WHAT IS NEEDED: Every line from the one containing "e_0/\e_1/\e_2/\e_3. *)" to the one containing "Variable R : rcfType." in the records below, both included, must be set down exactly, and no other line.

** SUPPLIED DATA follows **

(* Let $(M^4,g)$ be an oriented Einstein $4$-manifold whose sectional curvature is semi-definite (i.e. either $\sec_g\ge 0$ everywhere or $\sec_g\le 0$ everywhere). Then at every point of $M$ \[ \frac{|s_g|}{\sqrt{6}}\geq |W^+|+|W^-|. \] *)

(* Pointwise (algebraic) model of an oriented Riemannian
   4-manifold: at each point p : M the Riemann tensor is given by its
   components in an oriented orthonormal frame (e_0,e_1,e_2,e_3) of T_pM,
   so the metric is the standard dot product on R^4 and the orientation is
   e_0/\e_1/\e_2/\e_3. *)
From HB Require Import structures.
From mathcomp Require Import all_boot all_order all_algebra.
Set Implicit Arguments. Unset Strict Implicit. Unset Printing Implicit Defensive.
Import Order.TTheory GRing.Theory Num.Theory.
Local Open Scope ring_scope.

Section Curvature4.
Variable R : rcfType.

Definition tensor4 := 'I_4 -> 'I_4 -> 'I_4 -> 'I_4 -> R.
Definition vec4 := 'I_4 -> R.
(* a 2-form / bivector, by its antisymmetric coefficients *)
Definition form2 := 'I_4 -> 'I_4 -> R.

Definition delta (i j : 'I_4) : R := (i == j)%:R.

(* algebraic curvature tensor, sign convention Rm(x,y,y,x) = sec(x,y) *)
Definition is_alg_curv (Rm : tensor4) : Prop :=
  [/\ (forall i j k l, Rm i j k l = - Rm j i k l),
      (forall i j k l, Rm i j k l = - Rm i j l k),
      (forall i j k l, Rm i j k l = Rm k l i j) &
      (forall i j k l, Rm i j k l + Rm j k i l + Rm k i j l = 0)].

** End of SUPPLIED DATA **

OUTPUT FOR THIS TASK:
   e_0/\e_1/\e_2/\e_3. *)
From HB Require Import structures.
From mathcomp Require Import all_boot all_order all_algebra.
Set Implicit Arguments. Unset Strict Implicit. Unset Printing Implicit Defensive.
Import Order.TTheory GRing.Theory Num.Theory.
Local Open Scope ring_scope.

Section Curvature4.
Variable R : rcfType.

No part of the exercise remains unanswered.